◆ THE TASK: Look for the word "negbTE" in the material below. Copy each line that has it.

◆ MATERIAL FOR THE TASK:
┄┄┄┄┄┄┄┄┄┄┄┄┄┄┄┄┄┄┄┄

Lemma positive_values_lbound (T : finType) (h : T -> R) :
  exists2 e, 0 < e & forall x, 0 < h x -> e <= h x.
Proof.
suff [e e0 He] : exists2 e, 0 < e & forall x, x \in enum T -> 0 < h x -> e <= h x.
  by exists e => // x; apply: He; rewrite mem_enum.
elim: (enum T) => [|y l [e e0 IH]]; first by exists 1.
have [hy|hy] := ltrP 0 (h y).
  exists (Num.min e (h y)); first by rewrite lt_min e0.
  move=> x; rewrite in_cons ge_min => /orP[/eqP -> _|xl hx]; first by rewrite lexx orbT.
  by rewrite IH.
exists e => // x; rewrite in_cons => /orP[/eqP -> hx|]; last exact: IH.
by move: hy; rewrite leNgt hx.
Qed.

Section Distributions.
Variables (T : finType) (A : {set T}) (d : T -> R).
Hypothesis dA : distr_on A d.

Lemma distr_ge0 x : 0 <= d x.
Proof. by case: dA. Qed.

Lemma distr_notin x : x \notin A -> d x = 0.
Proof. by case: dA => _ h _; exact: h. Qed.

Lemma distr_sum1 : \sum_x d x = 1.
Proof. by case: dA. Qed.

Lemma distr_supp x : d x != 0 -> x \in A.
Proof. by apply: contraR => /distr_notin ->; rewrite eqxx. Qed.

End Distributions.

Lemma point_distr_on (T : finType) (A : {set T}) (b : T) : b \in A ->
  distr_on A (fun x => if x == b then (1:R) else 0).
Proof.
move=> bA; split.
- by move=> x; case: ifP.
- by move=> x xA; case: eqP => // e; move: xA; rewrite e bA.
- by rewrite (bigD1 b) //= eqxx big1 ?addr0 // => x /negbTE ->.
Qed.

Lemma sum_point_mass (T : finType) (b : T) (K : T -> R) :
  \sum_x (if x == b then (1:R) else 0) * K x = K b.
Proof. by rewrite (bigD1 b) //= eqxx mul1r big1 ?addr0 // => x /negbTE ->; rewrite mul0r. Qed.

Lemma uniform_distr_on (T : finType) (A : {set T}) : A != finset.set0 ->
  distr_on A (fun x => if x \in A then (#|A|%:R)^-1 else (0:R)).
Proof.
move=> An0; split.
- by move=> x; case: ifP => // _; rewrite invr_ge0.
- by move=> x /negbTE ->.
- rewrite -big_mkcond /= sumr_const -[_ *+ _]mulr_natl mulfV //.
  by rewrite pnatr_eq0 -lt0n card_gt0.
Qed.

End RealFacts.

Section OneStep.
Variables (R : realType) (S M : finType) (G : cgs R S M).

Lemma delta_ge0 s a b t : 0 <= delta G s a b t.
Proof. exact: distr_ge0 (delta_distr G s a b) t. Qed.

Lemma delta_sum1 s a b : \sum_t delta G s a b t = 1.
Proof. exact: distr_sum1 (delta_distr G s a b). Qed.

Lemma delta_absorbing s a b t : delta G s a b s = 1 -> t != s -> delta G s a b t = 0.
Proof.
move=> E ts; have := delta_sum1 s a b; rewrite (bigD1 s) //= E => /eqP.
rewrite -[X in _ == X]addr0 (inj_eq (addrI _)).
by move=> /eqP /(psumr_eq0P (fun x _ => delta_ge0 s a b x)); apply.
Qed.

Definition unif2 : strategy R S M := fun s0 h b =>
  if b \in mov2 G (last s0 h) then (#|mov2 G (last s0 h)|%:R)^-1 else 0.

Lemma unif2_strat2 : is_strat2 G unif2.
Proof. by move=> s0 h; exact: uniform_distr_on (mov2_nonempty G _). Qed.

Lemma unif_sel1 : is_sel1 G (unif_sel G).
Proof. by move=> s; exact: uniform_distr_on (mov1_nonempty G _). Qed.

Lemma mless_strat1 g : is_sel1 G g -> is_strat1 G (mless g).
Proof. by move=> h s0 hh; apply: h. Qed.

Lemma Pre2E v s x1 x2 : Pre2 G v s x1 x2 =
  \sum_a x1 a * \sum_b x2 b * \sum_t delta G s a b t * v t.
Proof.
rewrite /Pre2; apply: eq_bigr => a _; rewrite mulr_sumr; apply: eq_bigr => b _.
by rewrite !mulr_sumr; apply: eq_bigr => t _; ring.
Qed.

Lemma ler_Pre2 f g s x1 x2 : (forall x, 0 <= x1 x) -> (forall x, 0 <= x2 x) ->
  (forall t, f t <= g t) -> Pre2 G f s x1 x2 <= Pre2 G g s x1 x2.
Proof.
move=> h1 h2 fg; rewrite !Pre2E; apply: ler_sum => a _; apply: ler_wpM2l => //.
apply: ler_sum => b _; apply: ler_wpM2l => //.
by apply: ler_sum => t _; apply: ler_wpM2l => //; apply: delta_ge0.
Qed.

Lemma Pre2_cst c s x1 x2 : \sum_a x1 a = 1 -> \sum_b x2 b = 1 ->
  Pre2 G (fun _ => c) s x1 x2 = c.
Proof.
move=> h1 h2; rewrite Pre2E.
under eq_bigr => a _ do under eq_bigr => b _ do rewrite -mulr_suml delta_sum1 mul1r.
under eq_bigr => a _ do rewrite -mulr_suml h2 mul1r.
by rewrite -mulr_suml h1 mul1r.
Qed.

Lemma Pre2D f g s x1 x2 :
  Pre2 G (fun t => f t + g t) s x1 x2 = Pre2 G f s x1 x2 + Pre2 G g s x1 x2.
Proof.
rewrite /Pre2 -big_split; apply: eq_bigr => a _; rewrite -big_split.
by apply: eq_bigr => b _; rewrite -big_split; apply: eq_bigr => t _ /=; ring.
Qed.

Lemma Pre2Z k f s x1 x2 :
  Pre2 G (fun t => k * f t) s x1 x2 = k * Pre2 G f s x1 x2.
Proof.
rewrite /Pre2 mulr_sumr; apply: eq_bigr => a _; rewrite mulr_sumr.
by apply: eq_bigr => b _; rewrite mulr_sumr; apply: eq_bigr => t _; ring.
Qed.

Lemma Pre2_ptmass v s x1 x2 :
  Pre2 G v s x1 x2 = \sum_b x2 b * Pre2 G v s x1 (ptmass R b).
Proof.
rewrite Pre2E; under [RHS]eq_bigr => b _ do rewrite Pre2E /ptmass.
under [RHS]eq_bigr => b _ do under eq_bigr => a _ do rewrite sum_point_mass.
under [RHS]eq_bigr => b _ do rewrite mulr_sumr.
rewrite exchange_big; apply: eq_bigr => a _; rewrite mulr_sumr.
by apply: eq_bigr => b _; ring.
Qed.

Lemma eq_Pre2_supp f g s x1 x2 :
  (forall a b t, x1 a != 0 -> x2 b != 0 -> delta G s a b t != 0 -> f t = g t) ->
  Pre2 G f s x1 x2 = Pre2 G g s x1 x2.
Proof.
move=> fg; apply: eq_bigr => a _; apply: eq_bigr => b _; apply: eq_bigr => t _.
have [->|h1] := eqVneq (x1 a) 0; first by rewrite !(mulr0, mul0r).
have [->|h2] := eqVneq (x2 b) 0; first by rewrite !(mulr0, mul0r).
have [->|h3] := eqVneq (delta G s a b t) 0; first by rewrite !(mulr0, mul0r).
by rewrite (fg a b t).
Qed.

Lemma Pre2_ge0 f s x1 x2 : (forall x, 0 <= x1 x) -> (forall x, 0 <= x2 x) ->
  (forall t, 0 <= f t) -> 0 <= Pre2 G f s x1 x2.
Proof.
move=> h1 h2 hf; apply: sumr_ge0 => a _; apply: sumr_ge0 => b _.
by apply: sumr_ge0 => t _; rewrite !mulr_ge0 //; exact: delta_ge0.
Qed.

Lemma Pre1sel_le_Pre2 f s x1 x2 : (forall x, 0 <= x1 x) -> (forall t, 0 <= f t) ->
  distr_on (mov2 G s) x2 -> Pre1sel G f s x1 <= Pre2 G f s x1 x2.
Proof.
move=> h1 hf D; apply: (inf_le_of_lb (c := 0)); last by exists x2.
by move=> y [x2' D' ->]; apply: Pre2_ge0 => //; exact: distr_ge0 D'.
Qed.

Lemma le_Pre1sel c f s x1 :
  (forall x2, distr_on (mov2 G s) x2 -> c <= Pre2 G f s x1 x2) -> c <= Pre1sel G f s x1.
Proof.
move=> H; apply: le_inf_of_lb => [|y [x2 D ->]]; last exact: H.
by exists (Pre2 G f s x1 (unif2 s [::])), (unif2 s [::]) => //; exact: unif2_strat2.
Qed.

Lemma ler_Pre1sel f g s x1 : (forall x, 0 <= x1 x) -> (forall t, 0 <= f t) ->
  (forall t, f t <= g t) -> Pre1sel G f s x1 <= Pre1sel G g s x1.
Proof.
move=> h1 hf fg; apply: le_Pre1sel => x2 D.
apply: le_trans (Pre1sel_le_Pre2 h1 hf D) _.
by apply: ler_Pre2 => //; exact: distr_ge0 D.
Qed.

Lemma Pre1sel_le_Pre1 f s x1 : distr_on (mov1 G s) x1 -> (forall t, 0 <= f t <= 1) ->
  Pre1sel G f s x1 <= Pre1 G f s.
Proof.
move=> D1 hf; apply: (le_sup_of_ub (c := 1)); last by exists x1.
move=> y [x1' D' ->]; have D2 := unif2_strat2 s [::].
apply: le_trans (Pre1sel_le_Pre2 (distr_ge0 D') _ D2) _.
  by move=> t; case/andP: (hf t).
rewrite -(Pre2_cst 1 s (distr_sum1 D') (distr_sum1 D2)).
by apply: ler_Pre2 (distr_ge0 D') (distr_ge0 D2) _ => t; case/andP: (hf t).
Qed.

┄┄┄┄┄┄┄┄┄┄┄┄┄┄┄┄┄┄┄┄

◆ EXERCISE RESULT:
- by rewrite (bigD1 b) //= eqxx big1 ?addr0 // => x /negbTE ->.
Proof. by rewrite (bigD1 b) //= eqxx mul1r big1 ?addr0 // => x /negbTE ->; rewrite mul0r. Qed.
- by move=> x /negbTE ->.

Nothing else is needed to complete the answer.